(EXCERPTED RECORDS begins)

Theorem theorem3p5 (n : nat) (hn : (1 <= n)%N)
  (Om Omb Oml Omr : {perm 'I_n} -> {poly rat})
  (hOm  : forall pi, interpolates (Om pi)  (fun k => Ncount pi (ZOmega' k)))
  (hOmb : forall pi, interpolates (Omb pi) (fun k => Ncount pi (ZOmegabar' k)))
  (hOml : forall pi, interpolates (Oml pi) (fun k => Ncount pi (ZOmegal k)))
  (hOmr : forall pi, interpolates (Omr pi) (fun k => Ncount pi (ZOmegar k))) :
  let half := (2%:R^-1 : rat) in
  let rho  (u : {mpoly rat[2]}) := gen_series Om  (half *: u) in
  let rhob (u : {mpoly rat[2]}) := gen_series Omb (half *: u) in
  let rhol (u : {mpoly rat[2]}) := gen_series Oml (half *: (u - 1)) in
  let rhor (u : {mpoly rat[2]}) := gen_series Omr (half *: (u - 1)) in
  (gmul (rho varx) (rhol vary) = rho (varx * vary)) /\
      (gmul (rhol vary) (rho varx) = rho (varx * vary)) /\
      (gmul (rhob varx) (rhol vary) = rhob (varx * vary)) /\
      (gmul (rhol vary) (rhob varx) = rhob (varx * vary)) /\
      (gmul (rho varx) (rhor vary) = rho (varx * vary)) /\
      (gmul (rhor vary) (rhob varx) = rho (varx * vary)) /\
      (gmul (rhob varx) (rhor vary) = rhob (varx * vary)) /\
      (gmul (rhor vary) (rho varx) = rhob (varx * vary)).
Proof.
move=> half rho rhob rhol rhor.
have [Om_Oml Omb_Oml Om_Omr Omb_Omr] := prodZ_even_chains.
have [Oml_Om Oml_Omb Omr_Omb Omr_Om] := prodZ_odd_chains.
split; first exact: (gmul_gen_series_xy hOm hOml hOm Om_Oml).
split; first exact: (gmul_gen_series_yx hOml hOm hOm Oml_Om).
split; first exact: (gmul_gen_series_xy hOmb hOml hOmb Omb_Oml).
split; first exact: (gmul_gen_series_yx hOml hOmb hOmb Oml_Omb).
split; first exact: (gmul_gen_series_xy hOm hOmr hOm Om_Omr).
split; first exact: (gmul_gen_series_yx hOmr hOmb hOm Omr_Omb).
split; first exact: (gmul_gen_series_xy hOmb hOmr hOmb Omb_Omr).
exact: (gmul_gen_series_yx hOmr hOm hOmb Omr_Om).
Qed.
(* Let $1\le k\le n$ and $1\le m<n$ be integers. Let $\mathcal{C}=\{d_1,\dots,d_n\}$ be a corpus of $n$ items of which exactly $m$ are designated useful (set $\mathcal{C}^+$) and the remaining $n-m$ non-useful (set $\mathcal{C}^-$). Define $\mathrm{MU}(i)=\mathbb{1}[i\le k]$ for ranks $i\in\{1,\dots,n\}$. Let $\pi$ be any probability distribution over the set $S_n$ of rankings (permutations) of $\mathcal{C}$, and let $\epsilon\in\mathbb{R}^n$ be its expected exposure vector, $\epsilon_d=\sum_{\sigma\in S_n}\pi(\sigma)\,\mathrm{MU}(\bar\sigma_d)$, where $\bar\sigma_d$ is the rank of $d$ in $\sigma$. Define the target exposure vector $\epsilon^*\in\mathbb{R}^n$ by: for useful $d\in\mathcal{C}^+$, $\epsilon^*_d=1$ if $m\le k$ and $\epsilon^*_d=k/m$ if $m>k$; for non-useful $d\in\mathcal{C}^-$, $\epsilon^*_d=\frac{k-m}{n-m}$ if $m\le k$ and $\epsilon^*_d=0$ if $m>k$. Then $$\langle \epsilon,\epsilon^*\rangle\in\big[0,\ \|\epsilon^*\|_2^2\big].$$
   Context: $\epsilon^*$ is the expected exposure of items under an oracle stochastic retriever that always ranks all useful items above all non-useful items, uniformly at random within each group, under the top-$k$ machine-user browsing model. The quantity $\langle\epsilon,\epsilon^*\rangle$ is called the expected exposure relevance (EE-R) of the policy $\pi$. *)

From mathcomp Require Import all_boot all_order all_algebra all_fingroup.
Set Implicit Arguments. Unset Strict Implicit. Unset Printing Implicit Defensive.
Import Order.TTheory GRing.Theory Num.Theory.
Local Open Scope ring_scope.

(* Items are 'I_n (d_1..d_n as 0..n-1). A ranking sigma : {perm 'I_n} maps an
   item d to its 0-based rank, so the 1-based rank bar-sigma_d is sigma d + 1. *)

Definition MU (R : ringType) (k i : nat) : R := if (i <= k)%N then 1 else 0.

Definition is_distr (R : numDomainType) (n : nat) (pi : {ffun {perm 'I_n} -> R}) :=
  (forall s, 0 <= pi s) /\ \sum_s pi s = 1.

Definition exposure (R : ringType) (n k : nat) (pi : {ffun {perm 'I_n} -> R})
  (d : 'I_n) : R :=
  \sum_(s : {perm 'I_n}) pi s * MU R k (s d).+1.

Definition target (R : fieldType) (n k : nat) (U : {set 'I_n}) (d : 'I_n) : R :=
  let m := #|U| in
  if d \in U then (if (m <= k)%N then 1 else k%:R / m%:R)
  else (if (m <= k)%N then (k%:R - m%:R) / (n%:R - m%:R) else 0).

Definition dotv (R : ringType) (n : nat) (x y : 'I_n -> R) : R :=
  \sum_(d : 'I_n) x d * y d.

From mathcomp Require Import all_boot all_order all_algebra all_fingroup.
From mathcomp Require Import ring.
Import Order.TTheory GRing.Theory Num.Theory.
Local Open Scope ring_scope.

(* Every expected exposure vector has entries in [0, 1] summing to k, hence
   puts a mass of at most min(m, k) on the useful items.  The target vector is
   two-level, larger on useful items than on non-useful ones, so its inner
   product with a vector of total mass k is an increasing function of the
   useful mass of that vector.  The target itself has total mass k and useful
   mass exactly min(m, k), so it maximises the inner product, and the maximum
   is its own squared norm. *)

Lemma dotv_ge0 (R : numDomainType) n (x y : 'I_n -> R) :
  (forall d, 0 <= x d) -> (forall d, 0 <= y d) -> 0 <= dotv x y.
Proof. by move=> x0 y0; apply: sumr_ge0 => d _; apply: mulr_ge0. Qed.

Lemma sum_in_le_card (R : numDomainType) n (A : {set 'I_n}) (x : 'I_n -> R) :
  (forall d, x d <= 1) -> \sum_(d in A) x d <= #|A|%:R.
Proof. by move=> x1; rewrite -sumr_const; apply: ler_sum. Qed.

Lemma sum_in_le_sum (R : numDomainType) n (A : {set 'I_n}) (x : 'I_n -> R) :
  (forall d, 0 <= x d) -> \sum_(d in A) x d <= \sum_d x d.
Proof.
move=> x0; rewrite [leRHS](bigID (mem A)) /= lerDl.
by apply: sumr_ge0 => d _.
Qed.

Lemma card_le_ord n (A : {pred 'I_n}) : (#|A| <= n)%N.
Proof. by rewrite -[n in (_ <= n)%N]card_ord max_card. Qed.

Section TwoLevel.
Variables (R : numDomainType) (n : nat) (U : {set 'I_n}).
Variables (t : 'I_n -> R) (u v : R).
Hypothesis tE : forall d, t d = if d \in U then u else v.

Lemma dotv_two_level (x : 'I_n -> R) :
  dotv x t = v * \sum_d x d + (u - v) * \sum_(d in U) x d.
Proof.
rewrite /dotv [\sum_d x d](bigID (mem U)) [LHS](bigID (mem U)) /=.
under eq_bigr => d dU do rewrite tE dU.
under [X in _ + X]eq_bigr => d dU do rewrite tE (negbTE dU).
rewrite -!mulr_suml; ring.
Qed.

Lemma ler_dotv_two_level (x y : 'I_n -> R) : v <= u ->
  \sum_d x d = \sum_d y d -> \sum_(d in U) x d <= \sum_(d in U) y d ->
  dotv x t <= dotv y t.
Proof.
move=> vu xy xyU; rewrite !dotv_two_level xy lerD2l.
by rewrite ler_wpM2l // subr_ge0.
Qed.

End TwoLevel.

Arguments ler_dotv_two_level {R n U t u v}.

Lemma MU_ge0 (R : numDomainType) k i : 0 <= MU R k i.
Proof. by rewrite /MU; case: ifP. Qed.

Lemma MU_le1 (R : numDomainType) k i : MU R k i <= 1.
Proof. by rewrite /MU; case: ifP. Qed.

Lemma sum_MU (R : nzRingType) n k :
  (k <= n)%N -> \sum_(i < n) MU R k i.+1 = k%:R.
Proof.
move=> kn; rewrite -(big_mkord xpredT (fun i => MU R k i.+1)).
rewrite (big_cat_nat (leq0n k) kn) /=.
rewrite (@eq_big_nat _ _ _ 0 k _ (fun=> 1)) => [|i /andP[_ ik]]; last first.
  by rewrite /MU ik.
rewrite (@eq_big_nat _ _ _ k n _ (fun=> 0)) => [|i /andP[ki _]]; last first.
  by rewrite /MU ltnNge ki.
by rewrite !sumr_const_nat subn0 mul0rn addr0.
Qed.

Section Exposure.
Variables (R : numDomainType) (n k : nat) (pi : {ffun {perm 'I_n} -> R}).
Hypothesis pi_distr : is_distr pi.

Lemma exposure_ge0 d : 0 <= exposure k pi d.
Proof.
by apply: sumr_ge0 => s _; apply: mulr_ge0; [case: pi_distr | apply: MU_ge0].
Qed.

Lemma exposure_le1 d : exposure k pi d <= 1.
Proof.
case: pi_distr => pi0 pi1; rewrite -pi1; apply: ler_sum => s _.
by rewrite -[leRHS]mulr1 ler_wpM2l ?MU_le1.
Qed.

Lemma sum_exposure : (k <= n)%N -> \sum_d exposure k pi d = k%:R.
Proof.
move=> kn; rewrite /exposure exchange_big /=.
under eq_bigr => s _.
  rewrite -mulr_sumr (reindex_inj (@perm_inj _ s^-1)) /=.
  under eq_bigr => i _ do rewrite permKV.
  rewrite sum_MU //.
  over.
by rewrite -mulr_suml; case: pi_distr => _ ->; rewrite mul1r.
Qed.

Lemma sum_exposure_in_le_min (A : {set 'I_n}) : (k <= n)%N ->
  \sum_(d in A) exposure k pi d <= (minn #|A| k)%:R.
Proof.
move=> kn; case: leqP => _.
  exact/sum_in_le_card/exposure_le1.
by rewrite -sum_exposure //; apply/sum_in_le_sum/exposure_ge0.
Qed.

End Exposure.

Section Target.
Variables (R : realFieldType) (n k : nat) (U : {set 'I_n}).
Hypothesis kn : (k <= n)%N.

Definition target_useful : R := if (#|U| <= k)%N then 1 else k%:R / #|U|%:R.

Definition target_nonuseful : R :=
  if (#|U| <= k)%N then (k%:R - #|U|%:R) / (n%:R - #|U|%:R) else 0.

Lemma targetE d :
  target R k U d = if d \in U then target_useful else target_nonuseful.
Proof. by []. Qed.

Lemma target_nonuseful_ge0 : 0 <= target_nonuseful.
Proof.
rewrite /target_nonuseful; case: leqP => // mk.
by rewrite divr_ge0 // subr_ge0 ler_nat // (leq_trans mk).
Qed.

Lemma target_nonuseful_le_useful : target_nonuseful <= target_useful.
Proof.
rewrite /target_nonuseful /target_useful; case: leqP => [mk|km].
  have [mn|nm] := ltnP #|U| n; last first.
    have -> : #|U| = n by apply/anti_leq; rewrite nm card_le_ord.
    by rewrite subrr invr0 mulr0.
  by rewrite ler_pdivrMr ?mul1r ?lerD2r ?ler_nat // subr_gt0 ltr_nat.
by rewrite divr_ge0.
Qed.

Lemma target_ge0 d : 0 <= target R k U d.
Proof.
rewrite targetE; case: (d \in U); last exact: target_nonuseful_ge0.
exact: le_trans target_nonuseful_ge0 target_nonuseful_le_useful.
Qed.

Lemma sum_target_in : \sum_(d in U) target R k U d = (minn #|U| k)%:R.
Proof.
under eq_bigr => d dU do rewrite targetE dU.
rewrite sumr_const /target_useful; case: leqP => // km.
rewrite -[LHS]mulr_natr mulfVK // pnatr_eq0 -lt0n.
exact: leq_ltn_trans km.
Qed.

Lemma sum_target : \sum_d target R k U d = k%:R.
Proof.
rewrite (bigID (mem U)) /= sum_target_in.
under eq_bigr => d dU do rewrite targetE (negbTE dU).
rewrite sumr_const.
have -> : #|(fun d => d \notin U)| = (n - #|U|)%N.
  rewrite -[n in (n - _)%N]card_ord -(cardsC U) addKn.
  by apply: eq_card => d; rewrite inE.
rewrite /target_nonuseful; case: leqP => [mk|km]; last first.
  by rewrite mul0rn addr0.
have [mn|nm] := ltnP #|U| n.
  have nm0 : n%:R - #|U|%:R != 0 :> R by rewrite subr_eq0 eqr_nat gtn_eqF.
  by rewrite -[_ / _ *+ _]mulr_natr natrB ?(ltnW mn) // mulfVK // addrC subrK.
have Un : #|U| = n by apply/anti_leq; rewrite nm card_le_ord.
have -> : k = n by apply/anti_leq; rewrite kn -Un.
by rewrite Un subnn mulr0n addr0.
Qed.

End Target.

Theorem theorem2 (R : realFieldType) (n k m : nat) (U : {set 'I_n})
  (pi : {ffun {perm 'I_n} -> R}) :
  (1 <= k)%N -> (k <= n)%N -> (1 <= m)%N -> (m < n)%N -> #|U| = m ->
  is_distr pi ->
  0 <= dotv (exposure k pi) (target R k U) /\
  dotv (exposure k pi) (target R k U) <= dotv (target R k U) (target R k U).
Proof.
move=> _ kn _ _ _ pi_distr; split.
  by apply: dotv_ge0 => d; [exact: exposure_ge0 | exact: target_ge0].
apply: (ler_dotv_two_level (targetE R n k U)).
- exact: target_nonuseful_le_useful.
- by rewrite sum_exposure // sum_target.
- by rewrite sum_target_in; exact: sum_exposure_in_le_min.
Qed.
(* Let $X_0=0$ and $X_n=\sum_{j=1}^{X_{n-1}}\xi_{n,j}+\varepsilon_n$ for $n\ge1$, where $\{\xi_{n,j},\varepsilon_n\}$ are independent nonnegative integer-valued random variables with $\xi_{n,j}$, $j\in\mathbb N$, identically distributed for each $n$. Let $G_n(x)=\mathbb E x^{\xi_{n,1}}$, $H_n(x)=\mathbb E x^{\varepsilon_n}$, $\rho_n=G_n'(1)$, $G_n''(1)<\infty$, and $m_{n,k}=H_n^{(k)}(1)$ (the $k$-th factorial moment of $\varepsilon_n$, assumed finite for $k\le J$). Let $J\ge 2$ be an integer and assume (i) $\rho_n<1$, $\lim_{n}\rho_n=1$, $\sum_{n=1}^\infty(1-\rho_n)=\infty$, and $\lim_n G_n''(1)/(1-\rho_n)=0$; (ii) $\lim_{n\to\infty}\frac{m_{n,j}}{j(1-\rho_n)}=\lambda_j$ for $j=1,\dots,J$, with $\lambda_J=0$. Then $X_n$ converges in distribution to the compound Poisson distribution $\mathrm{CP}(\mu)$, where $\mu$ is the finite measure on $\{1,\dots,J-1\}$ given by $$\mu\{j\}=\frac{1}{j!}\sum_{i=0}^{J-j-1}\frac{(-1)^i}{i!}\lambda_{j+i},\qquad j=1,\dots,J-1.$$
   Context: For a finite measure $\mu$ on $\{1,2,\dots\}$, the compound Poisson distribution $\mathrm{CP}(\mu)$ is the distribution on $\{0,1,2,\dots\}$ with generating function $x\mapsto\exp\{\sum_{j\ge1}\mu\{j\}(x^j-1)\}$, $x\in[0,1]$. *)

From Stdlib Require Import Reals Arith.
Open Scope R_scope.

Definition is_pmf (p : nat -> R) : Prop :=
  (forall k, 0 <= p k) /\ infinite_sum p 1.

Fixpoint fall (k j : nat) : R :=
  match j with
  | O => 1
  | S j' => fall k j' * (INR k - INR j')
  end.

(* the j-th factorial moment of p is finite and equals v ( = the j-th
   derivative at 1 of the generating function of p) *)
Definition fact_moment (p : nat -> R) (j : nat) (v : R) : Prop :=
  infinite_sum (fun k => fall k j * p k) v.

Definition delta0 (k : nat) : R := match k with O => 1 | _ => 0 end.

Definition conv (p q : nat -> R) (n : nat) : R :=
  sum_f_R0 (fun i => p i * q (n - i)%nat) n.

Fixpoint convpow (p : nat -> R) (m : nat) : nat -> R :=
  match m with
  | O => delta0
  | S m' => conv (convpow p m') p
  end.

(EXCERPTED RECORDS ends)

◆ **TRY IT**: All lines from the beginning of the entries through the line marked "(gmul (rhob varx) (rhor" are to be output exactly; nothing else belongs in the answer.

◆ **THE COMPLETED TASK**:
Theorem theorem3p5 (n : nat) (hn : (1 <= n)%N)
  (Om Omb Oml Omr : {perm 'I_n} -> {poly rat})
  (hOm  : forall pi, interpolates (Om pi)  (fun k => Ncount pi (ZOmega' k)))
  (hOmb : forall pi, interpolates (Omb pi) (fun k => Ncount pi (ZOmegabar' k)))
  (hOml : forall pi, interpolates (Oml pi) (fun k => Ncount pi (ZOmegal k)))
  (hOmr : forall pi, interpolates (Omr pi) (fun k => Ncount pi (ZOmegar k))) :
  let half := (2%:R^-1 : rat) in
  let rho  (u : {mpoly rat[2]}) := gen_series Om  (half *: u) in
  let rhob (u : {mpoly rat[2]}) := gen_series Omb (half *: u) in
  let rhol (u : {mpoly rat[2]}) := gen_series Oml (half *: (u - 1)) in
  let rhor (u : {mpoly rat[2]}) := gen_series Omr (half *: (u - 1)) in
  (gmul (rho varx) (rhol vary) = rho (varx * vary)) /\
      (gmul (rhol vary) (rho varx) = rho (varx * vary)) /\
      (gmul (rhob varx) (rhol vary) = rhob (varx * vary)) /\
      (gmul (rhol vary) (rhob varx) = rhob (varx * vary)) /\
      (gmul (rho varx) (rhor vary) = rho (varx * vary)) /\
      (gmul (rhor vary) (rhob varx) = rho (varx * vary)) /\
      (gmul (rhob varx) (rhor vary) = rhob (varx * vary)) /\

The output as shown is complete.